Sunday, January 20, 2008

Nibbles

The last time I played Nibbles, it was under the name Nibbler in QBasic*. I was impressed by a BASIC program that had lots of colors (relatively) and sort of had graphics.

This time around, the graphics are better, the gameplay is deeper, and the colors are... higher in number? I started strong but finished not-so-great, there, I think. Oh well.

You're a worm-like thing that eats gold rings to become a larger worm-like thing. If you run into a wall, yourself, or another worm, you lose a life. This is the closes Linux has come to something I would consider a real video-game, so far, though it still has a non-existent storyline, no real characters to speak of, and a very arbitrary and linear progression.

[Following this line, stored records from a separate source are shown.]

Definition unrolled_term (m : nat) (g : G) : R :=
  if (L <= m)%N then \big[Rplus/0]_(h : G) (x (t - Z.of_nat m)%Z h * undershoot L m h g) else 0.

Definition unrolled_norm (m : nat) : R := \big[Rplus/0]_(g : G) Rabs (unrolled_term m g).

Lemma norm1_le_unrolled (b : nat -> R) (lb : R) : (1 <= L)%N ->
  (forall l, (l < L)%N -> renewal_eq x (t - Z.of_nat l)%Z) ->
  (forall m, unrolled_norm m <= b m) -> infinite_sum b lb -> norm1 x t <= lb.
Proof.
move=> HL Hrec Hb Hlb.
have term_le m g : Rabs (Rabs (unrolled_term m g)) <= b m.
  rewrite Rabs_Rabsolu; apply: Rle_trans (Hb m).
  by apply: (Rsum_term_le (F := fun g => Rabs (unrolled_term m g))) => h; exact: Rabs_pos.
pose S g := Series (fun m => Rabs (unrolled_term m g)).
have HS g : infinite_sum (fun m => Rabs (unrolled_term m g)) (S g).
  have [l Hl] := infinite_sum_dominated (term_le ^~ g) Hlb.
  by apply/is_series_Reals/Series_correct; exists l; apply/is_series_Reals.
apply: Rle_trans (_ : \big[Rplus/0]_(g : G) S g <= _).
  apply: Rle_sum => g _; apply: infinite_sum_abs_le (renewal_eq_unroll HL Hrec g) (HS g).
  by move=> m; exact: Rle_refl.
apply: infinite_sum_le (infinite_sum_big (index_enum G) HS) Hlb => m.
exact: Hb.
Qed.

Lemma unrolled_norm_le (i0 : G) (d : R) m : (L <= m)%N ->
  \big[Rplus/0]_(h : G) x (t - Z.of_nat m)%Z h = 0 -> (forall h, d <= undershoot L m h i0) ->
  unrolled_norm m <= norm1 x (t - Z.of_nat m)%Z * (undershoot_mass L m - d).
Proof.
move=> Hm Hx Hd; rewrite /unrolled_norm /unrolled_term Hm.
apply: (doeblin_contraction Hx) => //; [exact: undershoot_ge0 | exact: undershoot_row].
Qed.

End Unrolled.


(* The lag [L] gains the Doeblin factor [1 - dl] on the bound [a]; lags beyond
   the window [W] are only controlled by the global bound [B]. *)
Lemma norm1_step (x : Z -> G -> R) (t : Z) (L W : nat) (i0 : G) (dl a B : R) :
  (1 <= L <= W)%N ->
  (forall l, (l < L)%N -> renewal_eq x (t - Z.of_nat l)%Z) ->
  (forall s, \big[Rplus/0]_(h : G) x s h = 0) ->
  (forall m, (L <= m <= W)%N -> norm1 x (t - Z.of_nat m)%Z <= a) ->
  (forall s, norm1 x s <= B) ->
  (forall h, dl <= undershoot L L h i0) ->
  infinite_sum (lag_mass L) 1 ->
  norm1 x t <= a - a * dl + B * (1 - sum_f_R0 (lag_mass L) W).
Proof.
move=> /andP [HL HLW] Hrec Hsum Ha HB Hdl Hmass.
have a_ge0 : 0 <= a by apply: Rle_trans (Ha L _); [exact: norm1_ge0 | rewrite leqnn].
pose b m := a * lag_mass L m + B * (lag_mass L m - (if (m <= W)%N then lag_mass L m else 0))
  - (if m == L then a * dl else 0).
have Hb : infinite_sum b (a * 1 + B * (1 - sum_f_R0 (lag_mass L) W) - a * dl).
  apply: infinite_sum_minus (infinite_sum_delta _ _).
  apply: infinite_sum_plus (infinite_sum_scal _ Hmass) (infinite_sum_scal _ _).
  exact: infinite_sum_minus Hmass (infinite_sum_trunc _ _).
rewrite (_ : a - a * dl + _ = a * 1 + B * (1 - sum_f_R0 (lag_mass L) W) - a * dl); last ring.
apply: (norm1_le_unrolled HL Hrec _ Hb) => m; rewrite /b /lag_mass.
have mass_ge0 := undershoot_mass_ge0 L m.
case: (ltngtP m L) => Hm.
- rewrite /unrolled_norm /unrolled_term leqNgt Hm big1 => [|g _]; last by rewrite Rabs_R0.
  by case: ifP => _; lra.
- have HLm := ltnW Hm; rewrite ?HLm.
  have := unrolled_norm_le (t := t) HLm (Hsum _) (fun h => undershoot_ge0 L m h i0).
  rewrite Rminus_0_r; case: (leqP m W) => HmW Hy.
    have := Ha m (introT andP (conj HLm HmW)); nra.
  have := HB (t - Z.of_nat m)%Z; have := norm1_ge0 x (t - Z.of_nat m)%Z; nra.
- subst m; rewrite ?eqxx ?leqnn HLW.
  have Hy := unrolled_norm_le (t := t) (leqnn L) (Hsum _) Hdl.
  have dl_le : dl <= undershoot_mass L L.
    rewrite -(undershoot_row L L i0); apply: Rle_trans (Hdl i0) _.
    by apply: (Rsum_term_le (F := undershoot L L i0)) => g; exact: undershoot_ge0.
  have := Ha L (introT andP (conj (leqnn L) HLW)); nra.
Qed.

It was easier in the QBasic version. While it scales like the rest of these games (with, for the record, no noticeable slowdowns or distortions) in general your worm is smaller in comparison to the playing field in Nibbles than it was in the good ole' days. Which makes it a bit harder, and when the window's not maximized, causes a bit of eye-strain. I pity the fool that plays this at a resolutions higher than 1024x768.

Level-design-wise, however, this one comes off as superior. I don't think I ever got very far in the QBasic version, but I don't remember as much creativity as far as the levels go. For one thing, they do that PacMan thing a lot of the time, where going out of the window on one side pops you back up on the other. That's always fun. And there are some fun levels that have a lot of stuff going on, and basically, after the first one or two, the obstacles make you make a choice as to where you're going to camp out. The gold rings appear randomly, and if you're in the wrong place, you have no chance of picking them up.

It's not really a question of strategy - the randomness makes it impossible to have an informed opinion on where you should be relative to where the rings will appear - but where you are makes a real difference, and on some levels, there are places that are easier to reach any given point from, and places where you're very limited in your options from. It's just an additional level of complexity.

Speaking of complexity, the items other than rings add even more depth. I don't think there was anything other than worm-food in the QBasic version, or the Intellivision version I vaguely remember playing even earlier. This one's got hearts n' cherries n' diamonds n' whatnot. Theoretically, they all do different things to either your or the other players, such as an extra life, or shortening your worm, or making all the other players reverse direction. That last one will mess you up, and timing when you use it is probably really fun in a multiplayer game against human opponents.

This is another game that offers support for network play, and in all, the game supports up to six players simultaneously, be they local, networked, or AI. I didn't actually play a game with anyone else, but there were a few people online when I checked to make sure connecting to the server worked, so it's a step up on Iagno.

This game may be buggy. At one point, I became invincible - rather than walls taking me out, my character took them out - and there were some scoring discrepancies I couldn't explain (how did I end up with over 5k in points by level three? Typically, I got a couple hundred each level) but I'm assuming these things were due to items I or other worms picked up during playing, that I didn't notice. The help-file refuses to list the effects of the various items, or even give a definitive list of what items there are, presumably due to the unholy influence of NetHack (hey, I wonder if I'll get to play that before I'm done with this project?).

Full-featured version of yet another classic that I don't think anyone in their right mind would want to play, but it was fun enough, and as close as we've come to an "action" game that wasn't totally broken. It was a welcome change, after Klotski making my brain hurt.

*UPDATE: Actually, apparently, the QBasic version was called Nibbles as well. Apparently I remember wrong. If you can't trust Wikipedia, who can you trust?